When I saw the theme for this issue, the line from a John Mellencamp song kept running through my head: "I was born in a small town." After all, I was born in a small town in rural Indiana…Crawfordsville, Indiana!
Baseball every summer in Milligan Park. Nicholson School for kindergarten, St. Bernard’s for elementary/middle school, CHS for high school. (Stealing pots as a high school senior, only to turn around and try to protect them as a freshman the next year!)
It’s interesting to be a grown-up "townie" and be back working in Crawfordsville after more than 30 years away. Oh, we had the occasional visit when I was away in the Air Force but those days didn’t lend themselves to a good look around. All too often, the question was—"is the Darilicious open?"—and the answer, regardless of a "Yes" or "No," usually finished the discussion. Once the Redwood Inn, the excellent restaurant on the south side of town, closed, it seemed when we went out to eat it meant the Beef House in Covington, or Lafayette, or Indianapolis. And what about Stecks, Weathervane, The Squire Shop, Miller’s Shoes, and the Bank Cigar Store? Gone. All gone.

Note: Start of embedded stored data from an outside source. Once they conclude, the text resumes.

Definition init_coef (s t : S) : R :=
  if tag s \in srcs then (val (ordB t) == offset T srcs (tag s) + val (tagged s))%:R else 0.

Definition gather_coef (s : seq V) (k : nat) (t : S) : R :=
  if locate T s k is Some (u, j) then ((tag t == u) && (val (tagged t) == j))%:R else 0.

Definition copy_coef (s t : S) : R :=
  if is_source preds (tag s) then kron s t else gather_coef (preds (tag s)) (val (tagged s)) t.

Definition output_coef (s t : S) : R := gather_coef snks (val (ordB s)) t.

Definition stage : seq (FCN R D) := lin copy_coef :: par_layers ls M.

Definition network (n : nat) : seq (FCN R D) :=
  if n is n'.+1 then
    lin (comp_coef copy_coef init_coef) :: par_layers ls M ++
      flatten (nseq n' stage) ++ [:: lin output_coef]
  else [:: lin (comp_coef output_coef init_coef)].

Lemma size_network n : size (network n) = (n * (M + 1) + 1)%N.
Proof.
case: n => [|n] //=; rewrite !size_cat size_flatten /shape map_nseq /= size_par_layers.
by rewrite sumn_nseq; lia.
Qed.

Lemma resmlp_network n X : resmlp (network n) X =
  resmlp (flatten (nseq n stage) ++ [:: lin output_coef]) (resmlp [:: lin init_coef] X).
Proof.
rewrite -[RHS]resmlp_cat; case: n => [|n].
  by rewrite -linear_layer_comp.
by rewrite -[network _]/([:: _] ++ _) resmlp_cat linear_layer_comp -resmlp_cat /= catA.
Qed.

Definition encodes (a : forall u, lt_car (T u)) (k : nat) (X : 'cV[R]_D) : Prop :=
  forall v, height_leq preds k v -> block v X = pad (d v) (lt_enc (a v)).

Lemma sum_gather_coef a s k X :
  (forall u, u \in s -> block u X = pad (d u) (lt_enc (a u))) ->
  \sum_(t : S) gather_coef s k t * X (ordB t) 0 = cvnth (encs s a) k.
Proof.
move=> Xs; rewrite cvnth_encs_locate /gather_coef.
case sk: (locate T s k) => [[u j]|]; last by apply: big1 => t _; rewrite mul0r.
rewrite sum_tagged (bigD1 u) //= [X in _ + X]big1 ?addr0 => [|w ne_wu]; last first.
  by apply: big1 => i _; rewrite (negbTE ne_wu) mul0r.
rewrite -(cvnth_pad _ _ (dim_le u)) -(Xs u (locate_mem sk)) -sum_eq_cvnth.
by apply: eq_bigr => i _; rewrite eqxx mxE.
Qed.

Lemma encodes_init a : encodes a 0 (resmlp [:: lin init_coef] (pad D (encs srcs a))).
Proof.
move=> v /= v_src; apply/matrixP => i j.
rewrite (ord1 j) [LHS]mxE linear_layerE pad_entry /init_coef srcsE v_src sum_ordS_eq_cvnth.
rewrite cvnth_pad ?dims_le_sum // cvnth_encs_offset ?srcsE //=.
by rewrite -source_dim.
Qed.

Lemma block_copy_source X v : is_source preds v ->
  block v (resmlp [:: lin copy_coef] X) = block v X.
Proof.
move=> v_src; apply/matrixP => i j; rewrite (ord1 j) [LHS]mxE linear_layerE [RHS]mxE.
by rewrite /copy_coef v_src sum_kron.
Qed.
Lemma clamped_bounded : exists M, 1 <= M /\ forall x, F x <= M.
Proof.
  pose proof support_lt.
  assert (Hc : forall x, continuity_pt F x)
    by (intros; apply continuity_pt_filterlim, clamped_continuous).
  destruct (continuity_ab_maj F a b ltac:(lra) (fun c _ => Hc c)) as [xm [Hm _]].
  exists (Rmax 1 (F xm)). split; [apply Rmax_l|].
  intros x. unfold clamped at 1. rewrite <- (clamp_id a b (clamp a b x)) by (apply clamp_in; lra).
  eapply Rle_trans; [apply Hm, clamp_in; lra | apply Rmax_r].
Qed.

Lemma diff_entropy_clamped : diff_entropy f a b = - (/ ln 2 * RInt G a b).
Proof.
  pose proof support_lt. pose proof ln2_pos. unfold diff_entropy. f_equal.
  rewrite <- RInt_scal_R by (apply ex_RInt_cont, xlnx_clamped_continuous).
  apply RInt_ext. rewrite Rmin_left, Rmax_right by lra. intros x Hx.
  unfold xlnx, log2. rewrite clamped_eq by lra.
  change (f x * (ln (f x) / ln 2) = / ln 2 * (f x * ln (f x))). field. lra.
Qed.

Section Quantizer.
Variable d : R.
Hypothesis Hd : 0 < d < b - a.

Local Notation N := (ncells a b d).
Local Notation p := (uni_prob f a b d).
Local Notation lo i := (cell_lo a d i).
Local Notation hi i := (cell_hi a b d i).

Lemma uni_prob_clamped i : (i < N)%nat -> p i = RInt F (lo i) (hi i).
Proof. intros Hi. apply RInt_cell_ext; auto. intros. symmetry. apply clamped_eq; auto. Qed.

Lemma uni_prob_pos i : (i < N)%nat -> 0 < p i.
Proof.
  intros Hi. rewrite uni_prob_clamped by auto.
  destruct (cell_bounds a b d Hd i Hi) as [[H1 H2] [H3 H4]].
  destruct Hpdf as [_ [_ [_ [_ [_ Hsupp]]]]].
  destruct (Hsupp ((lo i + hi i) / 2) ltac:(lra) ((hi i - lo i) / 2) ltac:(lra)) as [y [Hy Hfy]].
  apply Rabs_def2 in Hy.
  apply (RInt_pos_of_pos_point _ (lo i) (hi i) y);
    [apply clamped_continuous | apply clamped_nonneg | lra |].
  rewrite clamped_eq; auto; lra.
Qed.

Lemma uni_prob_le M i : (forall x, F x <= M) -> (i < N)%nat -> p i <= M * d.
Proof.
  intros HM Hi. rewrite uni_prob_clamped by auto.
  destruct (cell_bounds a b d Hd i Hi) as [[H1 H2] [H3 H4]].
  assert (0 <= M) by (pose proof (HM a); pose proof (clamped_nonneg a); lra).
  apply Rle_trans with (RInt (fun _ => M) (lo i) (hi i)).
  - apply RInt_le; [lra | apply ex_RInt_cont, clamped_continuous | apply ex_RInt_const |].
    intros; apply HM.
  - rewrite RInt_const_R. nra.
Qed.

Lemma uni_prob_sum : fsum N p = 1.
Proof.
  rewrite (fsum_ext _ _ (fun i => RInt F (lo i) (hi i))) by (intros; apply uni_prob_clamped; auto).
  rewrite RInt_cells by (auto; intros; apply ex_RInt_cont, clamped_continuous).
  destruct Hpdf as [_ [_ [_ [_ [<- _]]]]].
  apply RInt_ext. pose proof support_lt. rewrite Rmin_left, Rmax_right by lra.
  intros x Hx. rewrite clamped_eq; auto; lra.
Qed.

Lemma uni_prob_inner i : (S i < N)%nat ->
  exists xi, lo i <= xi <= lo i + d /\ p i = d * F xi.
Proof.
  intros Hi. rewrite uni_prob_clamped, cell_hi_inner by (auto; lia).
  destruct (RInt_mean_value F (lo i) (lo i + d) clamped_continuous ltac:(lra)) as [xi [Hxi ->]].
  exists xi. split; auto. f_equal. ring.
Qed.

Lemma cell_xlnx_error_inner e i :
  (forall x y, a <= x <= b -> a <= y <= b -> Rabs (x - y) <= d -> Rabs (G x - G y) <= e) ->
  (S i < N)%nat -> Rabs (p i * ln (p i / d) - RInt G (lo i) (hi i)) <= d * e.
Proof.
  intros Hmod Hi. destruct (uni_prob_inner i Hi) as [xi [Hxi ->]].
  destruct (cell_bounds a b d Hd i ltac:(lia)) as [[H1 H2] [H3 H4]].
  rewrite cell_hi_inner in * by auto.
  replace (d * F xi * ln (d * F xi / d)) with ((lo i + d - lo i) * G xi)
    by (unfold xlnx; replace (d * F xi / d) with (F xi) by (field; lra); ring).
  rewrite <- RInt_const_R.
  assert (Hex : ex_RInt G (lo i) (lo i + d)) by (apply ex_RInt_cont, xlnx_clamped_continuous).
  rewrite <- (RInt_minus (fun _ => G xi) G) by (auto; apply ex_RInt_const).
  replace (d * e) with ((lo i + d - lo i) * e) by ring.
  apply abs_RInt_le_const; [lra | apply ex_RInt_minus; auto; apply ex_RInt_const |].
  intros t Ht. apply Hmod; try lra. apply Rabs_le. lra.
Qed.

Lemma cell_xlnx_error M i : (forall x, F x <= M) -> 1 <= M -> (i < N)%nat ->
  Rabs (p i * ln (p i / d) - RInt G (lo i) (hi i)) <= 2 * d * (1 + M ^ 2).
Proof.
  intros HM HM1 Hi. destruct (cell_bounds a b d Hd i Hi) as [[H1 H2] [H3 H4]].
  pose proof (uni_prob_pos i Hi). pose proof (uni_prob_le M i HM Hi).
  assert (Hp : Rabs (p i * ln (p i / d)) <= d * (1 + M ^ 2)).
  { replace (p i * ln (p i / d)) with (d * xlnx (p i / d)) by (unfold xlnx; field; lra).
    rewrite Rabs_mult, Rabs_pos_eq by lra. apply Rmult_le_compat_l; [lra|].
    apply Rabs_xlnx_le; auto. split; [apply Rle_mult_inv_pos; lra|].
    apply Rmult_le_reg_r with d; [lra|]. unfold Rdiv. rewrite Rmult_assoc, Rinv_l; lra. }
  assert (HG : Rabs (RInt G (lo i) (hi i)) <= d * (1 + M ^ 2)).
  { eapply Rle_trans.
    - apply (abs_RInt_le_const _ _ _ (1 + M ^ 2)); [lra | apply ex_RInt_cont, xlnx_clamped_continuous |].
      intros; apply Rabs_xlnx_le; auto. split; [apply clamped_nonneg | apply HM].
    - apply Rmult_le_compat_r; [nra | lra]. }
  eapply Rle_trans; [apply Rabs_triang|]. rewrite Rabs_Ropp. lra.
Qed.

Lemma log_density_moment2_le M : (forall x, F x <= M) -> 1 <= M ->
  log_density_moment2 N p d <= 2 * (b - a) * ((4 + M ^ 3) / ln 2 ^ 2).
Proof.
  intros HM HM1. pose proof ln2_pos. destruct (ncells_spec a b d Hd) as [_ [Hn _]].
  set (K := (4 + M ^ 3) / ln 2 ^ 2).
  assert (HK : 0 <= K) by (unfold K; apply Rle_mult_inv_pos; nra).
  apply Rle_trans with (fsum N (fun _ => d * K)).
  - apply fsum_le. intros i Hi.
    pose proof (uni_prob_pos i Hi). pose proof (uni_prob_le M i HM Hi).
    assert (Hu : 0 < p i / d <= M).
    { split; [apply Rdiv_lt_0_compat; lra|].
      apply Rmult_le_reg_r with d; [lra|]. unfold Rdiv. rewrite Rmult_assoc, Rinv_l; lra. }
    pose proof (x_ln_sq_le (p i / d) M Hu HM1).
    replace (p i * log2 (p i / d) ^ 2) with (d * (p i / d * ln (p i / d) ^ 2) / ln 2 ^ 2)
      by (unfold log2; field; lra).
    unfold K, Rdiv. rewrite Rmult_assoc. apply Rmult_le_compat_l; [lra|].
    apply Rmult_le_compat_r; [left; apply Rinv_0_lt_compat; nra | lra].
  - rewrite fsum_const. nra.
Qed.

Lemma uni_distortion_le : uni_distortion f a b d <= d ^ 2 / 4.
Proof.
  unfold uni_distortion.
  apply Rle_trans with (fsum N (fun i => d ^ 2 / 4 * p i)).
  - apply fsum_le. intros i Hi. rewrite uni_prob_clamped by auto.
    rewrite (RInt_cell_ext a b d Hd _ (fun x => (x - cell_mid a b d i) ^ 2 * F x))
      by (auto; intros; rewrite clamped_eq; auto).
    destruct (cell_bounds a b d Hd i Hi) as [[H1 H2] [H3 H4]].
    rewrite <- RInt_scal_R by (apply ex_RInt_cont, clamped_continuous).
    apply RInt_le; [lra | | |].
    + apply ex_RInt_cont. intros. apply continuous_sq_shift_mult, clamped_continuous.
    + apply ex_RInt_cont. intros. apply (continuous_mult (fun _ => _) F);
        [apply continuous_const | apply clamped_continuous].
    + intros x Hx. apply Rmult_le_compat_r; [apply clamped_nonneg|]. unfold cell_mid. nra.
  - rewrite fsum_scal, uni_prob_sum. lra.
Qed.

(* The variance of the uniform law on a cell of length [d] is [d^2 / 12]. *)
Lemma cell_distortion_inner_ge e i :
  (forall x y, a <= x <= b -> a <= y <= b -> Rabs (x - y) <= d -> Rabs (F x - F y) <= e) ->
  (S i < N)%nat -> d ^ 2 / 12 * p i - d ^ 3 / 12 * e <=
  RInt (fun x => (x - cell_mid a b d i) ^ 2 * f x) (lo i) (hi i).
Proof.
  intros Hmod Hi.
  rewrite (RInt_cell_ext a b d Hd _ (fun x => (x - cell_mid a b d i) ^ 2 * F x))
    by (try lia; intros; rewrite clamped_eq; auto).
  destruct (uni_prob_inner i Hi) as [xi [Hxi ->]].
  destruct (cell_bounds a b d Hd i ltac:(lia)) as [[H1 H2] [H3 H4]].
  unfold cell_mid. rewrite cell_hi_inner in * by auto.
  set (m := (lo i + (lo i + d)) / 2). set (c := F xi - e).
  apply Rle_trans with (RInt (fun x => c * (x - m) ^ 2) (lo i) (lo i + d)).
  - rewrite RInt_scal_R, RInt_sq_shift by (apply ex_RInt_cont, continuous_sq_shift).
    unfold m, c. right. field.
  - apply RInt_le; [lra | | |].
    + apply ex_RInt_cont. intros. apply (continuous_mult (fun _ => c) (fun x => (x - m) ^ 2));
        [apply continuous_const | apply continuous_sq_shift].
    + apply ex_RInt_cont. intros. apply continuous_sq_shift_mult, clamped_continuous.
    + intros x Hx. rewrite Rmult_comm. apply Rmult_le_compat_l; [apply pow2_ge_0|].
      assert (Rabs (F xi - F x) <= e) by (apply Hmod; try lra; apply Rabs_le; lra).
      apply Rabs_le_between in H. unfold c. lra.
Qed.

Lemma cell_distortion_nonneg i : (i < N)%nat ->
  0 <= RInt (fun x => (x - cell_mid a b d i) ^ 2 * f x) (lo i) (hi i).
Proof.
  intros Hi. destruct (cell_bounds a b d Hd i Hi) as [[H1 H2] _].
  rewrite (RInt_cell_ext a b d Hd _ (fun x => (x - cell_mid a b d i) ^ 2 * F x))
    by (auto; intros; rewrite clamped_eq; auto).
  apply RInt_ge_0; [lra | apply ex_RInt_cont; intros; apply continuous_sq_shift_mult, clamped_continuous |].
  intros. apply Rmult_le_pos; [apply pow2_ge_0 | apply clamped_nonneg].
Qed.

End Quantizer.

Lemma xlnx_riemann_sum_close eps : 0 < eps -> exists d0, 0 < d0 /\ forall d, 0 < d < d0 ->
  d < b - a -> Rabs (fsum (ncells a b d) (fun i => uni_prob f a b d i * ln (uni_prob f a b d i / d))
                     - RInt G a b) <= eps.
Proof.
  intros Heps. pose proof support_lt. destruct clamped_bounded as [M [HM1 HM]].
  set (C := 1 + M ^ 2). assert (HC : 0 < C) by (unfold C; nra).
  set (e := eps / (2 * (b - a))). assert (He : 0 < e) by (apply Rdiv_lt_0_compat; lra).
  destruct (continuous_unif_modulus G a b e xlnx_clamped_continuous He) as [delta [Hdelta Hmod]].
  exists (Rmin delta (eps / (4 * C))). split; [apply Rmin_glb_lt; auto; apply Rdiv_lt_0_compat; lra|].
  intros d Hd Hdb.
  pose proof (Rmin_l delta (eps / (4 * C))). pose proof (Rmin_r delta (eps / (4 * C))).
  assert (Hd' : 0 < d < b - a) by lra.
  assert (HdC : 2 * d * C <= eps / 2).
  { replace (eps / 2) with (2 * C * (eps / (4 * C))) by (field; lra). nra. }
  destruct (ncells_spec a b d Hd') as [HN [Hn _]].
  rewrite <- (RInt_cells a b d Hd' G) by (intros; apply ex_RInt_cont, xlnx_clamped_continuous).
  rewrite <- fsum_minus.
  destruct (ncells a b d) as [|n] eqn:EN; [lia|]. rewrite fsum_S. rewrite S_INR in Hn.
  assert (Hinner : Rabs (fsum n (fun i => uni_prob f a b d i * ln (uni_prob f a b d i / d)
                                - RInt G (cell_lo a d i) (cell_hi a b d i))) <= eps / 2).
  { eapply Rle_trans; [apply fsum_abs|].
    eapply Rle_trans; [apply (fsum_le _ _ (fun _ => d * e))|].
    - intros i Hi. apply cell_xlnx_error_inner; auto; [|rewrite EN; lia].
      intros. apply Hmod with d; auto. lra.
    - rewrite fsum_const. replace (eps / 2) with ((b - a) * e) by (unfold e; field; lra).
      rewrite <- Rmult_assoc. apply Rmult_le_compat_r; lra. }
  pose proof (cell_xlnx_error d Hd' M n HM HM1 ltac:(rewrite EN; lia)).
  eapply Rle_trans; [apply Rabs_triang|]. fold C in H2. lra.
Qed.

Lemma log_density_mean_cvg : filterlim
  (fun d => log_density_mean (ncells a b d) (uni_prob f a b d) d) (at_right 0)
  (locally (- diff_entropy f a b)).
Proof.
  pose proof support_lt. pose proof ln2_pos. apply filterlim_locally. intros eps.
  destruct (xlnx_riemann_sum_close (ln 2 * eps / 2)) as [d0 [Hd0 Hclose]].
  { pose proof (cond_pos eps). nra. }
  apply at_right_0_intro with (Rmin d0 (b - a)); [apply Rmin_glb_lt; lra|].
  intros d Hd. pose proof (Rmin_l d0 (b - a)). pose proof (Rmin_r d0 (b - a)).
  specialize (Hclose d ltac:(lra) ltac:(lra)).
  change (Rabs (log_density_mean (ncells a b d) (uni_prob f a b d) d - - diff_entropy f a b) < eps).
  rewrite diff_entropy_clamped, Ropp_involutive.
  unfold log_density_mean. unfold log2. unfold Rdiv at 2.
  rewrite (fsum_ext _ _ (fun i => / ln 2 * (uni_prob f a b d i * ln (uni_prob f a b d i / d))))
    by (intros; unfold Rdiv; ring).
  rewrite fsum_scal, <- Rmult_minus_distr_l, Rabs_mult, Rabs_pos_eq
    by (left; apply Rinv_0_lt_compat; lra).
  apply Rmult_lt_reg_l with (ln 2); auto.
  rewrite <- Rmult_assoc, Rinv_r, Rmult_1_l by lra.
  pose proof (cond_pos eps). nra.
Qed.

Don’t get the idea that the Runges lived on base or in big cities. During my military career, we moved 18 times, I think, and our family lived in several small towns: Mt. Home, ID (one stop light and high desert); Clovis, NM (on a clear day you CAN see the end of the world from there!); Stanton, Suffolk, England; Croxton, Norfolk, England; Feltwell, Suffolk, England; Yorktown, VA, and Granger, IN!
Crawfordsville, like so many other small towns, has changed a great deal. Sometimes the quickest way to lose a community is to work hard to preserve it "just the way it always was." The reason: If you aren’t growing, you’re dying. There is no in-between. Preservation without investment and advancement is a nice term for decay.
That doesn’t mean Crawfordsville is dead, by any means. But I do think the kind of town we had in the 1970s, like so many other similar communities, is gone. The locals lived and worked here. They shopped here.
They went out to eat here. There were small industries located here (Steel Industries, Mid-States) and most of the Wabash faculty lived a rock’s throw or less from the campus. We had two "big" banks a couple blocks from each other—Elston Bank and First National Bank.
No, Crawfordsville is not dead…but it is different. It would be easy to say: "Well, that’s life." But I sense a growing desire by the local community and by the Wabash community to change. To improve. To work together for the betterment of all. I think you’ll see that in the years to come. Stay tuned for the details.
Like you, I’m sure, I am proud of my hometown. As Bruce Springsteen sings: "Take a good look around, this is our hometown."